The Cobb County Library System has continued to see growth into the 21st century. In 2002 a library in West Cobb opened, and in 2005 the South Cobb Regional Library opened. In 2007 a new building was secured in Powder Springs, and their town library moved to its new location on Atlanta Road.

In 2010 the East Cobb Library replaced the previously built Merchant's Walk Library and doubled the amount of floor space for books and technological improvements. While interest in libraries in this area of Cobb County was high, the Hattie G. Wilson (formerly Fort Hill) library began to show signs of disuse.
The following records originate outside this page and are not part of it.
(* Let $\Phi=\forall u_1\ldots\forall u_n\exists e_1(D_1)\ldots\exists e_m(D_m).\varphi$ be a DQBF with existential variables $E$, and let $<_E$ be a linear ordering of $E$. Then $\Phi$ is true if and only if for each $e\in E$ there is a propositional formula $\psi_e$ with $\mathit{var}(\psi_e)\subseteq D(e)\cup\{x\in E\mid D(x)\subseteq D(e),\ x<_E e\}$ such that $\neg\varphi\wedge\bigwedge_{e\in E}(e\leftrightarrow\psi_e)$ is unsatisfiable.
   Context: For a set $V$ of variables, $[V]$ is the set of all assignments $V\to\{\textsc{true},\textsc{false}\}$, and $\sigma|_W$ denotes restriction. A DQBF in prenex CNF is $\Phi=\forall u_1\ldots\forall u_n\exists e_1(D_1)\ldots\exists e_m(D_m).\varphi$ where all $u_i,e_j$ are pairwise distinct variables, $U=\{u_1,\dots,u_n\}$, $E=\{e_1,\dots,e_m\}$, each $D_j\subseteq U$ is the dependency set $D(e_j)$, and $\varphi$ is a CNF with $\mathit{var}(\varphi)\subseteq U\cup E$. A model of $\Phi$ is a family $F=(f_e)_{e\in E}$ of functions $f_e:[D(e)]\to\{\textsc{true},\textsc{false}\}$ such that for every $\sigma\in[U]$ the assignment $\sigma\cup F(\sigma)$ satisfies $\varphi$, where $F(\sigma)$ assigns each $e\in E$ the value $f_e(\sigma|_{D(e)})$. $\Phi$ is true if it has a model and false otherwise. *)

From mathcomp Require Import all_boot.
Set Implicit Arguments. Unset Strict Implicit. Unset Printing Implicit Defensive.

Section DQBF.
Variable V : finType.

(* Assignments [V] are total functions V -> bool; restriction is implicit. *)
Definition assignment := V -> bool.

(* CNF: a literal is (variable, polarity); true polarity = positive literal. *)
Definition literal := (V * bool)%type.
Definition clause := seq literal.
Definition cnf := seq clause.

Definition lit_sat (a : assignment) (l : literal) : bool := a l.1 == l.2.
Definition clause_sat (a : assignment) (c : clause) : bool := has (lit_sat a) c.
Definition cnf_sat (a : assignment) (phi : cnf) : bool := all (clause_sat a) phi.

Definition cnf_vars (phi : cnf) : seq V := [seq l.1 | l <- flatten phi].

Definition wf_dqbf (U E : {set V}) (D : V -> {set V}) (phi : cnf) : Prop :=
  [disjoint U & E] /\ (forall e, e \in E -> D e \subset U) /\
  (forall x, x \in cnf_vars phi -> x \in U :|: E).

(* F(σ) extended: σ ∪ F(σ). Values of σ outside U are never read, since
   var(phi) ⊆ U ∪ E and each f e depends only on D e ⊆ U. *)
Definition extend (E : {set V}) (f : V -> assignment -> bool) (s : assignment)
  : assignment := fun x => if x \in E then f x s else s x.

(* A model: f e : [D(e)] -> bool, i.e. a function of σ depending only on σ|_{D e}. *)
Definition is_model (U E : {set V}) (D : V -> {set V}) (phi : cnf)
  (f : V -> assignment -> bool) : Prop :=
  (forall e, e \in E -> forall s s' : assignment,
      (forall u, u \in D e -> s u = s' u) -> f e s = f e s') /\
  (forall s : assignment, cnf_sat (extend E f s) phi).

Definition dqbf_true (U E : {set V}) (D : V -> {set V}) (phi : cnf) : Prop :=
  exists f, is_model U E D phi f.

Inductive form : Type :=
| FVar : V -> form
| FTrue : form
| FFalse : form
| FNot : form -> form
| FAnd : form -> form -> form
| FOr : form -> form -> form.

Fixpoint form_eval (a : assignment) (p : form) : bool :=
  match p with
  | FVar x => a x
  | FTrue => true
  | FFalse => false
  | FNot q => ~~ form_eval a q
  | FAnd q r => form_eval a q && form_eval a r
  | FOr q r => form_eval a q || form_eval a r
  end.

Fixpoint form_vars (p : form) : seq V :=
  match p with
  | FVar x => [:: x]
  | FTrue | FFalse => [::]
  | FNot q => form_vars q
  | FAnd q r | FOr q r => form_vars q ++ form_vars r
  end.

Definition linear_order_on (E : {set V}) (lt : rel V) : Prop :=
  (forall x, x \in E -> ~~ lt x x) /\
  (forall x y z, x \in E -> y \in E -> z \in E -> lt x y -> lt y z -> lt x z) /\
  (forall x y, x \in E -> y \in E -> x != y -> lt x y || lt y x).

End DQBF.

(* If F is a model, each Skolem function f_e is a Boolean function of the
   variables D(e), hence expressible as a formula psi_e over D(e) (its DNF);
   any assignment satisfying all e <-> psi_e then agrees with sigma ∪ F(sigma)
   and so satisfies phi.  Conversely, each psi_e mentions only universals of
   D(e) and existentials that are <_E-smaller with smaller dependency sets,
   so the system e <-> psi_e is acyclic: for every universal assignment it is
   solved by iterating the definitions along the rank of <_E, and the value
   obtained for e depends only on D(e).  This solution is a model, since by
   unsatisfiability it cannot falsify phi. *)

From mathcomp Require Import all_boot.

Set Implicit Arguments.
Unset Strict Implicit.
Unset Printing Implicit Defensive.

Section Formulas.
Variable V : finType.

Lemma eq_form_eval (a b : assignment V) p :
  {in form_vars p, a =1 b} -> form_eval a p = form_eval b p.
Proof.
elim: p => [x | | | q IHq | q IHq r IHr | q IHq r IHr] //= eq_ab.
- by apply: eq_ab; rewrite inE.
- by rewrite IHq.
- by rewrite IHq ?IHr // => x x_in; apply: eq_ab; rewrite mem_cat x_in ?orbT.
- by rewrite IHq ?IHr // => x x_in; apply: eq_ab; rewrite mem_cat x_in ?orbT.
Qed.

Lemma eq_cnf_sat (a b : assignment V) phi : a =1 b -> cnf_sat a phi = cnf_sat b phi.
Proof. by move=> eq_ab; apply: eq_all => c; apply: eq_has => l; rewrite /lit_sat eq_ab. Qed.

Definition form_ands (ps : seq (form V)) : form V := foldr (@FAnd V) (@FTrue V) ps.
Definition form_ors (ps : seq (form V)) : form V := foldr (@FOr V) (@FFalse V) ps.

Lemma form_eval_ands a ps : form_eval a (form_ands ps) = all (form_eval a) ps.
Proof. by elim: ps => //= p ps ->. Qed.

Lemma form_eval_ors a ps : form_eval a (form_ors ps) = has (form_eval a) ps.
Proof. by elim: ps => //= p ps ->. Qed.

Lemma form_vars_ands x ps :
  (x \in form_vars (form_ands ps)) = has (fun p => x \in form_vars p) ps.
Proof. by elim: ps => //= p ps IH; rewrite mem_cat IH. Qed.

Lemma form_vars_ors x ps :
  (x \in form_vars (form_ors ps)) = has (fun p => x \in form_vars p) ps.
Proof. by elim: ps => //= p ps IH; rewrite mem_cat IH. Qed.

Definition form_lit (x : V) (b : bool) : form V := if b then FVar x else FNot (FVar x).

Definition minterm (S : {set V}) (b : assignment V) : form V :=
  form_ands [seq form_lit x (b x) | x <- enum S].

Lemma form_eval_minterm a S b :
  form_eval a (minterm S b) = all (fun x => a x == b x) (enum S).
Proof.
rewrite /minterm form_eval_ands all_map; apply: eq_all => x /=.
by rewrite /form_lit; case: (b x) => /=; case: (a x).
Qed.

Lemma form_vars_minterm S b x : x \in form_vars (minterm S b) -> x \in S.
Proof.
rewrite /minterm form_vars_ands has_map => /hasP[y y_S].
by rewrite /form_lit /=; case: (b y) => /=; rewrite inE => /eqP ->; rewrite -mem_enum.
Qed.

Definition dnf_of (S : {set V}) (g : assignment V -> bool) : form V :=
  form_ors [seq minterm S b | b : {ffun V -> bool} <- enum {ffun V -> bool} & g b].

Lemma form_vars_dnf_of S g x : x \in form_vars (dnf_of S g) -> x \in S.
Proof. by rewrite /dnf_of form_vars_ors has_map => /hasP[b _ /form_vars_minterm]. Qed.

Lemma form_eval_dnf_of (S : {set V}) (g : assignment V -> bool) a :
  (forall s s' : assignment V, {in S, s =1 s'} -> g s = g s') ->
  form_eval a (dnf_of S g) = g a.
Proof.
move=> g_dep; rewrite /dnf_of form_eval_ors has_map.
apply/hasP/idP => [[b] | ga].
  rewrite mem_filter => /andP[gb _] /=; rewrite form_eval_minterm => /allP a_b.
  by rewrite (g_dep _ b) // => x x_S; apply/eqP/a_b; rewrite mem_enum.
exists [ffun x => a x]; last first.
  by rewrite /= form_eval_minterm; apply/allP => x _; rewrite ffunE.
by rewrite mem_filter mem_enum andbT -(g_dep a) // => x _; rewrite ffunE.
Qed.

End Formulas.

Section AcyclicDefinitions.
Variables (V : finType) (E : {set V}) (psi : V -> form V).

Definition solve_step (s a : assignment V) : assignment V :=
  fun x => if x \in E then form_eval a (psi x) else s x.

(* Existentials start at [false], so the iterates never read [s] on [E]. *)
Definition solve_iter (s : assignment V) (k : nat) : assignment V :=
  iter k (solve_step s) (fun x => (x \notin E) && s x).

Lemma solve_iter_notin s k x : x \notin E -> solve_iter s k x = s x.
Proof. by case: k => [|k] /= xNE; rewrite ?/solve_step ?xNE ?(negbTE xNE). Qed.

Lemma solve_iterS_mem s k e :
  e \in E -> solve_iter s k.+1 e = form_eval (solve_iter s k) (psi e).
Proof. by rewrite /= /solve_step => ->. Qed.

Section Rank.
Variable rk : V -> nat.
Hypothesis rk_psi : forall e x,
  e \in E -> x \in E -> x \in form_vars (psi e) -> rk x < rk e.

Lemma solve_iter_stable s k e :
  e \in E -> rk e < k -> solve_iter s k e = solve_iter s k.+1 e.
Proof.
elim: k e => [|k IH] e eE // rk_e; rewrite !solve_iterS_mem //.
apply: eq_form_eval => x x_psi; have [xE | xNE] := boolP (x \in E).
  by apply: IH; last exact: leq_trans (rk_psi eE xE x_psi) rk_e.
by rewrite !solve_iter_notin.
Qed.

Lemma solve_iter_solution s k :
  (forall e, e \in E -> rk e < k) ->
  forall e, e \in E -> solve_iter s k e = form_eval (solve_iter s k) (psi e).
Proof.
by move=> rk_lt e eE; rewrite solve_iter_stable ?rk_lt ?solve_iterS_mem.
Qed.

End Rank.

Section Dependency.
Variable D : V -> {set V}.
Hypothesis psi_dep : forall e x, e \in E -> x \in form_vars (psi e) ->
  if x \in E then D x \subset D e else x \in D e.

Lemma solve_iter_dep k e (s s' : assignment V) :
  e \in E -> {in D e, s =1 s'} -> solve_iter s k e = solve_iter s' k e.
Proof.
elim: k e => [|k IH] e eE eq_ss'; first by rewrite /= eE.
rewrite !solve_iterS_mem //; apply: eq_form_eval => x /(psi_dep eE).
case: ifPn => [xE /subsetP sub_De | xNE /eq_ss'].
  by apply: IH => // u /sub_De /eq_ss'.
by rewrite !solve_iter_notin.
Qed.

End Dependency.
End AcyclicDefinitions.

Definition order_rank (V : finType) (E : {set V}) (lt : rel V) (x : V) : nat :=
  #|[set y in E | lt y x]|.

Lemma order_rank_lt (V : finType) (E : {set V}) (lt : rel V) x e :
  linear_order_on E lt -> x \in E -> e \in E -> lt x e ->
  order_rank E lt x < order_rank E lt e.
Proof.
move=> [irr [trans _]] xE eE lt_xe; apply/proper_card/properP; split.
  by apply/subsetP => y; rewrite !inE => /andP[yE lt_yx]; rewrite yE (trans y x e).
by exists x; rewrite !inE ?xE ?lt_xe // (negbTE (irr x xE)).
Qed.

Section SkolemDefinitions.
Variables (V : finType) (U E : {set V}) (D : V -> {set V}) (phi : cnf V).

Lemma model_dnf_definitions_unsat f :
  is_model U E D phi f ->
  ~ (exists a : assignment V, ~~ cnf_sat a phi /\
       (forall e, e \in E -> a e = form_eval a (dnf_of (D e) (f e)))).
Proof.
move=> [f_dep f_sat] [a [a_unsat a_def]]; move/negP: a_unsat; apply.
rewrite -(@eq_cnf_sat _ (extend E f a)) // => x; rewrite /extend.
by case: ifPn => // xE; rewrite a_def // form_eval_dnf_of // => s s'; apply: f_dep.
Qed.

Lemma acyclic_definitions_model (ltE : rel V) (psi : V -> form V) :
  wf_dqbf U E D phi -> linear_order_on E ltE ->
  (forall e, e \in E -> forall x, x \in form_vars (psi e) ->
     x \in D e \/ [/\ x \in E, D x \subset D e & ltE x e]) ->
  ~ (exists a : assignment V, ~~ cnf_sat a phi /\
       (forall e, e \in E -> a e = form_eval a (psi e))) ->
  is_model U E D phi (fun e s => solve_iter E psi s #|V|.+1 e).
Proof.
move=> [dis_UE [D_U _]] ltE_order psi_vars psi_unsat.
have D_notin e x : e \in E -> x \in D e -> x \notin E.
  by move=> eE /(subsetP (D_U e eE)) xU; rewrite (disjointFr dis_UE xU).
split=> [e eE s s' | s].
  apply: solve_iter_dep => // e' x e'E /(psi_vars e' e'E) [xD | [xE D_sub _]].
    by rewrite (negbTE (D_notin e' x e'E xD)).
  by rewrite xE.
apply/negPn/negP => unsat_s; apply: psi_unsat.
exists (solve_iter E psi s #|V|.+1); split.
  move: unsat_s; rewrite (@eq_cnf_sat _ _ (solve_iter E psi s #|V|.+1)) // => x.
  by rewrite /extend; case: ifPn => // xNE; rewrite solve_iter_notin.
apply: (solve_iter_solution (rk := order_rank E ltE)) => [e x eE xE x_psi | e _].
  case: (psi_vars e eE x x_psi) => [xD | [_ _]]; last exact: order_rank_lt.
  by have := D_notin e x eE xD; rewrite xE.
by rewrite ltnS max_card.
Qed.

End SkolemDefinitions.

Theorem lemma3 (V : finType) (U E : {set V}) (D : V -> {set V}) (phi : cnf V)
    (ltE : rel V) :
  wf_dqbf U E D phi ->
  linear_order_on E ltE ->
  dqbf_true U E D phi <->
  exists psi : V -> form V,
    (forall e, e \in E -> forall x, x \in form_vars (psi e) ->
        x \in D e \/ [/\ x \in E, D x \subset D e & ltE x e]) /\
    (* ¬φ ∧ ⋀_{e∈E} (e ↔ ψ_e) is unsatisfiable *)
    ~ (exists a : assignment V,
         ~~ cnf_sat a phi /\ (forall e, e \in E -> a e = form_eval a (psi e))).
Proof.
move=> wf ltE_order; split => [[f f_model] | [psi [psi_vars psi_unsat]]].
  exists (fun e => dnf_of (D e) (f e)); split.
    by move=> e _ x /form_vars_dnf_of; left.
  exact: model_dnf_definitions_unsat f_model.
by eexists; exact: acyclic_definitions_model wf ltE_order psi_vars psi_unsat.
Qed.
Citing a 50% loss of circulation, the Wilson Library was unanimously voted to shut down in 2013.

Another renovation was approved in 2016 when the East Marietta Library was chosen for a new location and new building. This new facility, the Sewell Mill Library and Cultural Center, opened on December 4, 2017 at a cost of $10.6 million. It was built in conjunction with the Cobb County Parks Department, and, in addition to a large collection of books, also has a black box theater, open-air amphitheater, art galleries and classrooms, and many individual and group conference rooms.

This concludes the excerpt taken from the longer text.